- •International market expansion Business Strategy to expand a Business Internationally
- •Chapter 1: Literature Review
- •Introduction
- •International Expansion
- •Internationalization/Transaction-Cost Theory
- •Eclectic Theory
- •Resource-Based Theory
- •Uppsala Model
- •International Market Entry Strategies
- •Exporting
- •Licensing
- •Franchising
- •Joint-Ventures/Strategic Alliances
- •Acquisitions
- •Wholly-Owned Subsidiaries/Greenfield Operations
- •Regulatory Environment
- •Challenges of International Expansion
- •Research Gaps
- •Chapter 2: References
INTERNATIONAL MARKETS BUSINESS STRATEGY
International market expansion Business Strategy to expand a Business Internationally
Student Number – S152334
Date – 17.02.2014
Literature Review
Chapter 1: Literature Review
Introduction
This chapter presented different aspects of internationalization by examining related theories. The main highlights were; international expansion, market entry strategies, regulatory environment, and challenges of internationalizing. Research gaps were derived from the extensive body of theoretical review to justify the need to execute the research.
International Expansion
According to Malhotra et al. (2003), internationalization of business firms has shifted dramatically over the past 20 years. The overwhelming shift has been the movement from orienting their operations towards international markets and shifting respective marketing initiatives from being multi-domestic to being global.
With the increased commitment in foreign markets (financially and otherwise), the proportion of revenues has shifted along with these commitments (Albaum & Duerr, 2008). They noted that greater resources would be expended in marketing goods across several political borders as different processes are employed in different countries.
Katsikeas, Leonidou, Palihawadana, & Spyropoulou (2007) noted that internal and external factors influenced and organization to consider internationalizing. Internal motivations include; unsold excess inventory, need for further growth, and possession of a compelling product. The internal factors were mainly associated with core competences.
External motivations stemmed from; unsolicited offers usually from other governments, encouragement by governmental agencies through business incentives, and favorable macro factors such as stable currency (Katsikeas et al., 2007). They allow a firm to exploit its excess capacity or extend its knowledge base to new markets profitably.
Katsikeas et al. (2007) also noted that firms, which had internal motivations, were usually objective-oriented and exercised rationality in decision-making. On the other hand, external motivations resulted in a strategy-oriented firm that was substantially subjective adopting an opportunistic tendency to its internationalization approach.
Albaum & Duerr (2008) also indicated that international expansion was prompted by; need to require research and development costs, expand market access to new customers, and pursue higher returns from these operations. In most instances, recovering invested development costs require expanding into new markets to have sustainability.
This reduces the return-on-investment time and allows the company to invest in new products. The need to access new markets was also a major motivator for expanding into international markets. Thomson & Martin (2005) also indicated that the major motivators were influenced by the need to diversify risk and cost base.

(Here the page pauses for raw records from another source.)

Lemma component_v_eq_w P : (component p P v == component p P w) = (i \in P).
Proof.
apply/eqP/idP => [e|iP]; last first.
  have vw : w \in component p P v by rewrite inE -p_iv connect_p.
  by rewrite (component_eq p_in pK v_in vw).
apply: contraTT v_not_w => iP; rewrite negbK.
have : w \in component p P v by rewrite e component_refl.
rewrite inE; apply: connect_subcolors; apply/subsetP => c cP.
by rewrite !inE; apply: contraNneq iP => <-.
Qed.

Section FaceClasses.
Variables (P : {set 'I_4}) (b : {set V}).
Hypothesis P_gt1 : 1 < #|P|.
Hypothesis b_sub : b \subset D.
Hypothesis v_b : v \in b.
Hypothesis b_closed : forall y z, y \in b -> connect (adj p P) y z -> z \in b.

Local Notation classes := [set component p P x | x in b].

Lemma contr_face_classes :
  [set component p' P x | x in b :\ v :\ w] = (vw_bubble P :\ v :\ w) |:
    (classes :\: [set component p P v; component p P w]).
Proof.
have [c0 c0P c0i] := exists_color_other P_gt1.
have b_D' x : x \in b :\ v :\ w -> x \in D'.
  by rewrite in_contr_set !inE => /and3P [-> -> /(subsetP b_sub)].
apply/setP => X; rewrite in_setU1; apply/imsetP/idP => [[x xb ->]|].
  have xD' := b_D' x xb; have [xU|xU] := boolP (x \in vw_bubble P).
    by rewrite (contr_component_near P_gt1 xD' xU) eqxx.
  rewrite (contr_component_far P_gt1 xD' xU) in_setD imset_f ?andbT; last first.
    by move: xb; rewrite !inE => /and3P [].
  apply/orP; right; move: xU; apply: contra => /set2P [] e.
    by rewrite inE -e component_refl.
  by rewrite inE -e component_refl orbT.
case/orP => [/eqP ->|].
  have pv_b : p c0 v \in b :\ v :\ w.
    by rewrite !inE neq_pvw // (p_neq black_p) // (b_closed v_b (connect_p _ _ c0P)).
  exists (p c0 v) => //; rewrite contr_component_near ?b_D' //.
  by rewrite !inE connect_p.
rewrite in_setD => /andP [XC /imsetP [x xb eX]].
have xU : x \notin vw_bubble P.
  move: XC; apply: contra => /setUP [] xC; rewrite eX (component_eq p_in pK _ xC) ?w_in //.
    exact: set21.
  exact: set22.
have xv : x != v by apply: contraNneq xU => ->; apply: v_in_vw_bubble.
have xw : x != w by apply: contraNneq xU => ->; apply: w_in_vw_bubble.
have xb' : x \in b :\ v :\ w by rewrite !inE xv xw.
by exists x => //; rewrite eX contr_component_far ?b_D'.
Qed.

Hypothesis w_b : w \in b.

Lemma card_contr_face_classes :
  #|[set component p' P x | x in b :\ v :\ w]| + (i \notin P) = #|classes|.
Proof.
have [c0 c0P c0i] := exists_color_other P_gt1.
set C2 := [set component p P v; component p P w].
have N_notin : vw_bubble P :\ v :\ w \notin classes :\: C2.
  apply/negP => /setDP [/imsetP [x xb eN]]; apply/negP; rewrite negbK.
  have pv_x : p c0 v \in component p P x.
    by rewrite -eN !inE neq_pvw // (p_neq black_p) // connect_p.
  have pv_v : p c0 v \in component p P v by rewrite inE connect_p.
  rewrite eN -(component_eq p_in pK (subsetP b_sub _ xb) pv_x).
  by rewrite (component_eq p_in pK v_in pv_v) set21.
have C2_sub : C2 \subset classes by apply/subsetP => X /set2P [] ->; apply: imset_f.
rewrite contr_face_classes cardsU1 N_notin -(cardsID C2 classes) (setIidPr C2_sub).
by rewrite cards2 component_v_eq_w add1n addSn addnC.
Qed.

End FaceClasses.

Lemma card_contr_faces S :
  #|faces p' S (vw_bubble S :\ v :\ w)| + #|pairsets (S :\ i)| =
  (\sum_(P in pairsets S) #|[set component p P x | x in vw_bubble S]|)%N.
Proof.
rewrite card_faces -sum_pairsets_notin -big_split /=.
apply: eq_bigr => P; rewrite inE => /andP [PS /eqP P2].
apply: card_contr_face_classes; rewrite ?P2 ?vw_bubble_sub ?v_in_vw_bubble ?w_in_vw_bubble //.
by move=> y z yU yz; apply: vw_bubble_connect yU (connect_subcolors PS yz).
Qed.

Lemma contr_bubble_through S : i \in S -> #|S| = 3 ->
  let B := component p S v in let B' := B :\ v :\ w in
  [/\ w \in B /\ (exists2 x, x \in D' & component p' S x = B'),
      #|B'| + 2 = #|B|,
      #|lines p' S B'| + 3 = #|lines p S B|,
      #|faces p' S B'| + 1 = #|faces p S B| /\ genus p' S B' = genus p S B
    & forall x, x \in D -> x \notin B ->
        [/\ x \in D', component p' S x = component p S x
          & forall c y, c \in S -> y \in component p S x -> p' c y = p c y]].
Proof.
move=> iS S3 B B'; have S_gt1 : 1 < #|S| by rewrite S3.
have wB : w \in B by rewrite inE -p_iv connect_p.
have U_B : vw_bubble S = B by rewrite /vw_bubble (component_eq p_in pK v_in wB) setUid.
have Sv2 : #|S :\ i| = 2 by move: S3; rewrite (cardsD1 i) iS => -[].
have n_eq : #|B'| + 2 = #|B| by rewrite card_setD_vw // inE connect0.
have l_eq : #|lines p' S B'| + 3 = #|lines p S B|.
  rewrite (card_lines pK black_p (component_sub p_in _ v_in)) => [|c y]; last exact: component_p.
  by have := card_contr_lines S_gt1; rewrite S3 U_B.
have f_eq : #|faces p' S B'| + 1 = #|faces p S B|.
  by have := card_contr_faces S; rewrite U_B cards_draws Sv2 binn !card_faces.
split=> //; first by split=> //; rewrite /B' -U_B; apply: contr_component_vw.
  by split=> //; apply: euler_genus_eq; lia.
by move=> x xD; rewrite -U_B; apply: contr_unchanged.
Qed.

Lemma contr_bubbles_merge S : i \notin S -> #|S| = 3 ->
  let Ba := component p S v in let Bb := component p S w in
  let M := (Ba :|: Bb) :\ v :\ w in
  [/\ (exists2 x, x \in D' & component p' S x = M),
      #|M| + 2 = #|Ba| + #|Bb| /\
      #|lines p' S M| + 3 = #|lines p S Ba| + #|lines p S Bb|,
      #|faces p' S M| + 3 = #|faces p S Ba| + #|faces p S Bb|,
      (genus p' S M = genus p S Ba + genus p S Bb)%R /\
      (genus p S Ba = 0%R -> genus p' S M = genus p S Bb)
    & forall x, x \in D -> x \notin Ba -> x \notin Bb ->
        [/\ x \in D', component p' S x = component p S x
          & forall c y, c \in S -> y \in component p S x -> p' c y = p c y]].
Proof.
move=> iS S3 Ba Bb M; have S_gt1 : 1 < #|S| by rewrite S3.
have disj : [disjoint Ba & Bb].
  by apply: (component_disjoint p_in pK); rewrite ?w_in ?component_v_eq_w.
have Bb_closed P y z : P \subset S -> y \in Bb -> connect (adj p P) y z -> z \in Bb.
  exact: component_subcolors.
have n_eq : #|M| + 2 = #|Ba| + #|Bb|.
  by rewrite card_setD_vw ?v_in_vw_bubble ?w_in_vw_bubble // cardsU_disjoint.
have l_eq : #|lines p' S M| + 3 = #|lines p S Ba| + #|lines p S Bb|.
  rewrite !(card_lines pK black_p (component_sub p_in _ _)) ?w_in //; last 2 first.
  - by move=> c y; apply: component_p.
  - by move=> c y; apply: component_p.
  have := card_contr_lines S_gt1; rewrite S3 -mulnDr => ->; congr (_ * _).
  have -> : [set y in vw_bubble S | black y] = [set y in Ba | black y] :|: [set y in Bb | black y].
    by apply/setP => y; rewrite !inE andb_orl.
  rewrite cardsU_disjoint // -setI_eq0; apply/set0Pn => -[y /setIP [/setIdP [yBa _]]].
  by rewrite inE (disjointFr disj yBa).
have f_eq : #|faces p' S M| + 3 = #|faces p S Ba| + #|faces p S Bb|.
  have S_i : S :\ i = S.
    by apply/setP => c; rewrite !inE andb_idl // => cS; apply: contraNneq iS => <-.
  have P3 : #|pairsets (S :\ i)| = 3 by rewrite S_i cards_draws S3.
  rewrite -[X in _ + X = _]P3 card_contr_faces.
  rewrite !card_faces -big_split /=; apply: eq_bigr => P; rewrite inE => /andP [PS _].
  by apply: card_component_classesU => // y z; apply: Bb_closed.
have g_eq : (genus p' S M = genus p S Ba + genus p S Bb)%R by apply: euler_genus_add.
split=> //; first by apply: contr_component_vw.
  by split=> // Ba0; rewrite g_eq Ba0 GRing.add0r.
move=> x xD xBa xBb; apply: contr_unchanged => //.
by rewrite /vw_bubble in_setU negb_or; apply/andP.
Qed.

End Contraction.

Unset Implicit Arguments.
Import GRing.Theory Num.Theory.
Local Open Scope ring_scope.

Theorem mainTheorem3 (V : finType) (D : {set V}) (p : 'I_4 -> V -> V)
    (i : 'I_4) (v w : V)
    (HG : colored_graph D p) (Hv : v \in D) (HL : p i v = w)
    (Hab : component p (hat i) v != component p (hat i) w) :
  let D' := contr_set D v w in
  let p' := contr_map p i v w in
  (* (i) *)
  (forall k : 'I_4, k != i ->
     let B := component p (hat k) v in
     let B' := B :\ v :\ w in
     [/\ w \in B /\ (exists2 x, x \in D' & component p' (hat k) x = B'),
         (#|B'| + 2 = #|B|)%N,
         (#|lines p' (hat k) B'| + 3 = #|lines p (hat k) B|)%N,
         (#|faces p' (hat k) B'| + 1 = #|faces p (hat k) B|)%N /\
         genus p' (hat k) B' = genus p (hat k) B
       & forall x, x \in D -> x \notin B ->
           [/\ x \in D', component p' (hat k) x = component p (hat k) x
             & forall c y, c \in hat k -> y \in component p (hat k) x -> p' c y = p c y]])
  /\
  (* (ii) *)
  (let Ba := component p (hat i) v in
   let Bb := component p (hat i) w in
   let M := (Ba :|: Bb) :\ v :\ w in
   [/\ (exists2 x, x \in D' & component p' (hat i) x = M),
       (#|M| + 2 = #|Ba| + #|Bb|)%N /\
       (#|lines p' (hat i) M| + 3 = #|lines p (hat i) Ba| + #|lines p (hat i) Bb|)%N,
       (#|faces p' (hat i) M| + 3 = #|faces p (hat i) Ba| + #|faces p (hat i) Bb|)%N,
       genus p' (hat i) M = genus p (hat i) Ba + genus p (hat i) Bb /\
       (genus p (hat i) Ba = 0 -> genus p' (hat i) M = genus p (hat i) Bb)
     & forall x, x \in D -> x \notin Ba -> x \notin Bb ->
         [/\ x \in D', component p' (hat i) x = component p (hat i) x
           & forall c y, c \in hat i -> y \in component p (hat i) x -> p' c y = p c y]]).
Proof.
move=> D' p'; case: HG => p_in pK [black black_p] _ _.
have v_not_w : ~~ connect (adj p (hat i)) v w.
  apply: contra Hab => vw; apply/eqP/esym/(component_eq p_in pK Hv).
  by rewrite inE.
split=> [k ki|].
  apply: (contr_bubble_through p_in pK black_p Hv HL v_not_w); last exact: card_hat.
  by rewrite !inE eq_sym.
apply: (contr_bubbles_merge p_in pK black_p Hv HL v_not_w); last exact: card_hat.
by rewrite !inE eqxx.
Qed.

They identified four core motivators; market access to new customers, capitalizing on existing core competencies, spreading business risks, and lowering operating costs through enhanced competitiveness (Thompson & Martin, 2005). The ability to widen market scope reduces shocks experienced in challenging domestic environment.
Access new markets by expanding customer base allow a firm to capitalize on its resources and capabilities to extend operating scope. This enables it to drastically reduce overall risk levels especially economic which could be influenced by the saturation of domestic markets. Cost levels are also lowered with risk spreads and market diversification.
The internationalization process is considered to be risky as market dynamics are unknown (Rugman & Collinson, 2006). They explored the learning challenges that firms face in exploring foreign markets. To counter the lack of local knowledge, a progressive approach such as Uppsala internationalization model was considered to be apt.
Rugman & Collinson (2006) also noted to be successful; companies that embarked on internationalizing had to focus on regional rather than global strategies. There are diverse socio-cultural and demographic in different regions that would be prudently considered separately. This effectively means that international firms are not cohesive monoliths.
They are instead comprised on different regional configurations that are combined under one holding body. This affords each subsidiary a certain degree of autonomy that allows it to effectively execute the regional strategy. Internationalization is an intrinsic part of the diversification process that extends outside the domestic market.
Lipczynski & Wilson (2004) examined the concept of extension as part of a firm’s strategy. They noted that firms could select two basic options; market extension or market extension. Market extension could involve selling to different customer segments or exploiting external geographical locations (Lipczynski & Wilson, 2004).
Internationalization approach can take the forms of; multi-domestic, transnational, or global strategies (Hitt, Ireland, & Hoskisson, 2011). Increasingly, firms are seeking a transnational approach whereby there are able to coordinate local responsiveness and still achieve respectable global efficiencies.
There are three main theories that have sought to expound the rapid development of internationalization. According to Ekeledo & Sivakumar (2004) they are; internationalization/transaction-cost, eclectic, and resources-based theories. In addition, there is an Uppsala model, which is progressive for an expanding business.